As Christians and people of community, we already know that none of us exist in a vacuum…although all of us came from one.

Today’s gospel passage from the first chapter of John begins “In the beginning was the Word;” John speaks of Christ much as the Book of Genesis speaks of Creation. In the beginning, the earth was a formless void, and the first thing God created was light, separating light from darkness. As we’re reminded in the poetry of today’s gospel from John, God created light to shine in the darkness. God called that light – and everything else that God lovingly made (and sometimes perfected through evolution) – GOOD. What God creates is Good. What God creates is never lacking.  What God creates is always enough. Any voice that says otherwise is not God’s voice

What God creates always enough to outshine the darkness. And God created this whole beautiful world, and then decided that this world needed each and every one of us. Because the Word was God; these four words from John’s gospel today remind us that God is part of all things God calls into being. God is part of all of us, just as we are reminded in our baptism that there is a piece of Christ in every human soul. The Word in every human heart. God’s love in every human skin.

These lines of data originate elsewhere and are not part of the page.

Definition inf_from (x : G -> R) (g a : G) : R :=
  inf [set x b | b in [set b | [/\ W b, le g b & lt b a]]].

Definition liminf_to (x : G -> R) (a : G) : R :=
  sup [set inf_from x g a | g in [set g | W g /\ lt g a]].

Lemma inf_from_le {x g a b} : unit_bounded x -> W b -> le g b -> lt b a ->
  inf_from x g a <= x b.
Proof.
move=> x1 Wb gb ba; apply: ge_inf; last by exists b.
by exists (-1) => _ [t _ <-]; have [] := norm1_bounds (x1 t).
Qed.

Lemma inf_from_norm {x g a} : unit_bounded x -> W g -> lt g a -> `|inf_from x g a| <= 1.
Proof.
move=> x1 Wg ga; rewrite ler_norml; apply/andP; split.
  apply: lb_le_inf; first by exists (x g), g.
  by move=> _ [t _ <-]; have [] := norm1_bounds (x1 t).
apply: le_trans (inf_from_le x1 Wg (refl_le g) ga) _.
by have [] := norm1_bounds (x1 g).
Qed.

Lemma le_liminf_to {x g a} : unit_bounded x -> W g -> lt g a ->
  inf_from x g a <= liminf_to x a.
Proof.
move=> x1 Wg ga; apply: ub_le_sup; last by exists g.
exists 1 => _ [t [Wt ta] <-].
by have [] := norm1_bounds (inf_from_norm x1 Wt ta).
Qed.

Lemma liminf_to_le x a c : (exists2 g, W g & lt g a) ->
  (forall g, W g -> lt g a -> inf_from x g a <= c) -> liminf_to x a <= c.
Proof.
move=> [g Wg ga] xc; apply: ge_sup; first by exists (inf_from x g a), g.
by move=> _ [t [Wt ta] <-]; exact: xc.
Qed.

Lemma liminf_to_norm x a : unit_bounded x -> (exists2 g, W g & lt g a) ->
  `|liminf_to x a| <= 1.
Proof.
move=> x1 [g Wg ga]; rewrite ler_norml; apply/andP; split.
  apply: le_trans (le_liminf_to x1 Wg ga).
  by have [] := norm1_bounds (inf_from_norm x1 Wg ga).
apply: liminf_to_le; first by exists g.
by move=> t Wt ta; have [] := norm1_bounds (inf_from_norm x1 Wt ta).
Qed.

Lemma liminf_to_lip x y a d : unit_bounded x -> unit_bounded y ->
  (forall b, `|x b - y b| <= d) -> (exists2 g, W g & lt g a) ->
  liminf_to x a <= liminf_to y a + d.
Proof.
move=> x1 y1 dxy ne; apply: liminf_to_le => // g Wg ga.
rewrite -lerBlDr; apply: le_trans (le_liminf_to y1 Wg ga).
apply: lb_le_inf; first by exists (y g), g.
move=> _ [b [Wb gb ba] <-].
have := inf_from_le x1 Wb gb ba; have := ler_norm (x b - y b); have := dxy b.
lra.
Qed.

Lemma liminf_to_eventually x a c d : unit_bounded x -> W d -> lt d a ->
  (forall b, W b -> le d b -> lt b a -> x b = c) -> liminf_to x a = c.
Proof.
move=> x1 Wd da xc; apply/eqP; rewrite eq_le; apply/andP; split.
  apply: liminf_to_le; first by exists d.
  move=> g Wg ga; have [gd|dg] := total_le g d.
    by rewrite -(xc d) //; exact: inf_from_le.
  by rewrite -(xc g) //; exact: inf_from_le.
apply: le_trans (le_liminf_to x1 Wd da).
apply: lb_le_inf; first by exists (x d), d.
by move=> _ [b [Wb db ba] <-]; rewrite xc.
Qed.

End Liminf.
Arguments liminf_to_norm {W x a}.
Arguments liminf_to_lip {W x y a d}.
Arguments liminf_to_eventually {W x a c d}.

Variables (U : Type) (C : set U) (e : nat -> U).
Hypotheses (Ce : forall i, C (e i)) (e_inj : injective e).

(* [W] has order type kappa^+, kappa being the cardinal of [C]. *)
Definition kappa_plus_chain (W : set G) := [/\ ~ embeds W C,
  forall d, W d -> embeds [set a | W a /\ le a d] C &
  forall E, embeds E C -> exists2 d, W d & forall a, E a -> W a -> lt a d].

Lemma exists_kappa_plus_chain {V : set G} :
  ~ embeds V C -> exists2 W, W `<=` V & kappa_plus_chain W.
Proof.
move=> V_large; pose W := [set a | V a /\ embeds [set b | V b /\ lt b a] C].
have W_segment d : W d -> embeds [set a | W a /\ le a d] C.
  move=> [Vd small_d].
  apply: embeds_trans _ (embeds_setU Ce e_inj small_d (embeds_set1 Ce d)).
  apply: embeds_sub => a [[Va _] ad].
  by have [->|nad] := pselect (a = d); [right|left].
have W_large : ~ embeds W C.
  move=> W_small; apply: V_large.
  have [[a [Va nWa]]|VW] := pselect (exists a, V a /\ ~ W a); last first.
    apply: embeds_trans _ W_small; apply: embeds_sub => a Va.
    by apply: contrapT => nWa; apply: VW; exists a.
  have [a0 [Va0 nWa0] a0_min] := least_le [set a | V a /\ ~ W a] (ex_intro _ a (conj Va nWa)).
  exfalso; apply: nWa0; split => //; apply: embeds_trans _ W_small; apply: embeds_sub.
  move=> b [Vb [ba0 nba0]]; apply: contrapT => nWb.
  by apply: nba0; exact: anti_le ba0 (a0_min b (conj Vb nWb)).
exists W => [a []//|]; split => // E E_small.
apply: contrapT => no_bound; apply: W_large.
have cover : W `<=` \bigcup_(a in E `&` W) [set b | W b /\ le b a].
  move=> d Wd; have /existsNP [a] : ~ forall a, E a -> W a -> lt a d.
    by move=> d_bound; apply: no_bound; exists d.
  move=> /not_implyP [Ea /not_implyP [Wa nad]].
  exists a => //; split => //; have [//|ad] := total_le d a.
  have [ead|nead] := pselect (a = d); first by rewrite ead.
  by case: nad.
apply: embeds_trans (embeds_sub cover) _.
apply: (embeds_bigcup Ce e_inj).
  by apply: embeds_trans _ E_small; apply: embeds_sub => a [].
by move=> a [_ Wa]; exact: W_segment.
Qed.

Section ChainValue.
Context {W : set G} {m : G} {v : R}.
Hypotheses (cW : kappa_plus_chain W) (Wm : W m) (m_min : forall g, W g -> le m g).

Definition chain_value (x : G -> R) (g : G) : R :=
  if pselect (g = m) then v else liminf_to W x g.

Let below_m {g} : W g -> g <> m -> exists2 h, W h & lt h g.
Proof. by move=> Wg gm; exists m => //; split; [exact: m_min|move=> /esym]. Qed.

Lemma chain_value_norm x g : `|v| <= 1 -> unit_bounded x -> W g ->
  `|chain_value x g| <= 1.
Proof.
move=> v1 x1 Wg; rewrite /chain_value; case: pselect => gm //=.
exact: liminf_to_norm x1 (below_m Wg gm).
Qed.

Lemma chain_value_lip x y d g : unit_bounded x -> unit_bounded y ->
  (forall b, `|x b - y b| <= d) -> W g -> `|chain_value x g - chain_value y g| <= d.
Proof.
move=> x1 y1 dxy Wg; rewrite /chain_value; case: pselect => gm /=.
  by rewrite subrr normr0; apply: le_trans (dxy g).
have dyx b : `|y b - x b| <= d by rewrite distrC.
have := liminf_to_lip x1 y1 dxy (below_m Wg gm).
have := liminf_to_lip y1 x1 dyx (below_m Wg gm).
by rewrite ler_norml; lra.
Qed.

Lemma chain_value_eventually x c E : unit_bounded x -> embeds E C ->
  (forall g, ~ E g -> x g = c) ->
  exists2 d, W d & forall g, W g -> ~ le g d -> chain_value x g = c.
Proof.
move=> x1 E_small xc; have [_ _ /(_ E E_small) [d Wd d_bound]] := cW.
exists d => // g Wg ngd; rewrite /chain_value; case: pselect => [gm|_] /=.
  by case: ngd; rewrite gm; apply: m_min.
have dg : lt d g.
  by have [//|dg] := total_le g d; split=> // dg'; apply: ngd; rewrite dg'.
apply: liminf_to_eventually x1 Wd dg _ => b Wb db _.
by apply: xc => Eb; have [bd /(_ (anti_le _ _ bd db))] := d_bound b Eb Wb.
Qed.

Lemma chain_value_fixed x : unit_bounded x ->
  (forall g, W g -> x g = chain_value x g) -> forall g, W g -> x g = v.
Proof.
move=> x1 x_fix g Wg; apply: contrapT => xgv.
have [g0 [Wg0 xg0] g0_min] :=
  least_le [set g | W g /\ x g <> v] (ex_intro _ g (conj Wg xgv)).
have g0m : g0 <> m.
  by move=> g0m; apply: xg0; rewrite x_fix // /chain_value; case: pselect.
apply: xg0; rewrite x_fix // /chain_value; case: pselect => //= _.
apply: liminf_to_eventually x1 Wm _ _ => [|b Wb _ [bg0 nbg0]].
  by split; [exact: m_min|move=> /esym].
apply: contrapT => xbv; apply: nbg0; apply: anti_le _ _ bg0 _.
exact: g0_min.
Qed.

End ChainValue.

Section Map.
Variables (W1 W2 : set G) (m1 m2 : G).
Hypotheses (W12 : forall g, W1 g -> ~ W2 g)
  (cW1 : kappa_plus_chain W1) (cW2 : kappa_plus_chain W2)
  (W1m1 : W1 m1) (W2m2 : W2 m2)
  (m1_min : forall g, W1 g -> le m1 g) (m2_min : forall g, W2 g -> le m2 g).

Definition liminf_map (x : G -> R) (g : G) : R :=
  if pselect (W1 g) then @chain_value W1 m1 1 x g
  else if pselect (W2 g) then @chain_value W2 m2 (-1) x g else x g.

Lemma liminf_map_unit x : unit_bounded x -> unit_bounded (liminf_map x).
Proof.
move=> x1 g; rewrite /liminf_map; case: pselect => W1g /=.
  by apply: chain_value_norm => //; rewrite normr1.
case: pselect => W2g //=.
by apply: chain_value_norm => //; rewrite normrN normr1.
Qed.

Lemma liminf_map_lip x y d : unit_bounded x -> unit_bounded y ->
  (forall b, `|x b - y b| <= d) -> forall g, `|liminf_map x g - liminf_map y g| <= d.
Proof.
move=> x1 y1 dxy g; rewrite /liminf_map; case: pselect => W1g /=.
  by apply: chain_value_lip.
by case: pselect => W2g //=; apply: chain_value_lip.
Qed.

Lemma liminf_map_const_off x : unit_bounded x -> const_off_small C x ->
  const_off_small C (liminf_map x).
Proof.
move=> x1 [c [E [E_small xc]]].
have [d1 W1d1 xd1] := @chain_value_eventually W1 m1 1 cW1 m1_min x c E x1 E_small xc.
have [d2 W2d2 xd2] := @chain_value_eventually W2 m2 (-1) cW2 m2_min x c E x1 E_small xc.
have [_ small1 _] := cW1; have [_ small2 _] := cW2.
exists c, (E `|` [set a | W1 a /\ le a d1] `|` [set a | W2 a /\ le a d2]); split.
  exact (embeds_setU Ce e_inj
    (embeds_setU Ce e_inj E_small (small1 _ W1d1)) (small2 _ W2d2)).
move=> g nEg; rewrite /liminf_map; case: pselect => W1g /=.
  by apply: xd1 => // gd1; apply: nEg; left; right.
case: pselect => W2g /=; first by apply: xd2 => // gd2; apply: nEg; right.
by apply: xc => Eg; apply: nEg; left; left.
Qed.

Lemma liminf_map_no_fixed x : unit_bounded x -> const_off_small C x ->
  liminf_map x <> x.
Proof.
move=> x1 [c [E [E_small xc]]] x_fix.
have x_W1 : forall g, W1 g -> x g = 1.
  apply: (@chain_value_fixed W1 m1 1) => // h W1h.
  by rewrite -{1}x_fix /liminf_map; case: pselect.
have x_W2 : forall g, W2 g -> x g = -1.
  apply: (@chain_value_fixed W2 m2 (-1)) => // h W2h.
  rewrite -{1}x_fix /liminf_map; case: pselect => [/W12//|nW1h].
  by case: pselect.
have c_eq W v : ~ embeds W C -> (forall g, W g -> x g = v) -> c = v.
  move=> W_large xv; apply: contrapT => cv; apply: W_large.
  apply: embeds_trans _ E_small; apply: embeds_sub => g Wg.
  by apply: contrapT => nEg; apply: cv; rewrite -(xc g nEg) xv.
have [W1_large _ _] := cW1; have [W2_large _ _] := cW2.
have := c_eq _ _ W1_large x_W1; have := c_eq _ _ W2_large x_W2.
lra.
Qed.

End Map.

Lemma exists_fixed_point_free_map : ~ embeds [set: G] C -> embeds C [set: G] ->
  exists F : (G -> R) -> (G -> R),
  [/\ forall x, unit_bounded x -> unit_bounded (F x),
      forall x y d, unit_bounded x -> unit_bounded y ->
        (forall b, `|x b - y b| <= d) -> forall g, `|F x g - F y g| <= d,
      forall x, unit_bounded x -> const_off_small C x -> const_off_small C (F x) &
      forall x, unit_bounded x -> const_off_small C x -> F x <> x].
Proof.
move=> G_large [j [_ j_inj]]; pose eG i := j (e i).
have eG_inj : injective eG by move=> i i' /(j_inj _ _ (Ce i) (Ce i')) /e_inj.
have [p [_ p_inj]] := @embeds_setX_self _ [set: G] eG (fun=> I) eG_inj.
have {}p_inj a b a' b' : p (a, b) = p (a', b') -> a = a' /\ b = b'.
  by move=> /(p_inj (a, b) (a', b') (conj I I) (conj I I)) [-> ->].
pose V k := [set p (g, eG k) | g in [set: G]].
have V_large k : ~ embeds (V k) C.
  move=> V_small; apply: G_large; apply: embeds_trans _ V_small.
  by exists (fun g => p (g, eG k)); split=> [g _|a b _ _ /p_inj []]; [exists g|].
have [W1 W1V cW1] := exists_kappa_plus_chain (V_large 0%N).
have [W2 W2V cW2] := exists_kappa_plus_chain (V_large 1%N).
have W12 g : W1 g -> ~ W2 g by move=> /W1V [a _ <-] /W2V [b _] /p_inj [_ /eG_inj].
have chain_min W : kappa_plus_chain W -> exists2 m, W m & forall g, W g -> le m g.
  move=> [W_large _ _]; apply: least_le; apply: contrapT => /forallNP W0.
  by apply: W_large; exists (fun=> e 0); split=> // g ? /W0.
have [m1 W1m1 m1_min] := chain_min _ cW1; have [m2 W2m2 m2_min] := chain_min _ cW2.
exists (liminf_map W1 W2 m1 m2); split.
- by apply: liminf_map_unit.
- by apply: liminf_map_lip.
- by apply: liminf_map_const_off.
- by apply: liminf_map_no_fixed.
Qed.

End FixedPointFreeMap.

(** * X^{kappa,Gamma} and C(K) *)

Lemma normr_le_supnorm {R : realType} {T} {h : T -> R} (M : R) :
  (forall t, `|h t| <= M) -> forall t, `|h t| <= supnorm R T h.
Proof.
move=> hM t; apply: ub_le_sup; last by exists t.
by exists M => _ [s _ <-]; exact: hM.
Qed.

Lemma supnorm_le {R : realType} {T} {h : T -> R} (t0 : T) (M : R) :
  (forall t, `|h t| <= M) -> supnorm R T h <= M.
Proof.
move=> hM; apply: ge_sup; first by exists `|h t0|, t0.
by move=> _ [t _ <-]; exact: hM.
Qed.

Section Xkg.
Context {R : realType} {Kappa Gamma : Type} {e : nat -> Kappa}.
Hypotheses (e_inj : injective e) (Kappa_Gamma : embeds [set: Kappa] [set: Gamma]).
Local Notation X := (Xkg R Kappa Gamma).

Lemma XkgP (h : Gamma -> R) :
  X h <-> (exists M, forall g, `|h g| <= M) /\ const_off_small [set: Kappa] h.
Proof.
split=> [[hM [A [c [/card_eqPle [/(card_le_embeds (e 0)) A_small _] hc]]]]|].
  by split=> //; exists c, A.
move=> [hM [c [E [E_small hc]]]]; split=> //.
have [A [EA A_small small_A]] := embeds_enlarge (fun=> I) e_inj E_small Kappa_Gamma.
exists A, c; split; first by apply/card_eqPle; split; exact: embeds_card_le.
by move=> g nAg; apply: hc => Eg; apply: nAg; exact: EA.
Qed.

The poetry of today’s gospel passage is beautiful, and at times confusing, but some things are made quite clear; “The Word became flesh and dwelt among us.” That is what happened on Christmas. Love came down, and Christ was born of a woman. God came and was born as a baby. The infant Jesus needed to be held and fed and cleaned by human hands just as we did at our birth. Because part of humanity is that we need the love and care of others in order to grow and then, accordingly, we are called to sow this love into the world, too. Sometimes, just like Duke the cat, we all need a loving hand on our back to make it through the long cold night. Through the Light of the World, love shines in the darkness, and the darkness does not overcome it.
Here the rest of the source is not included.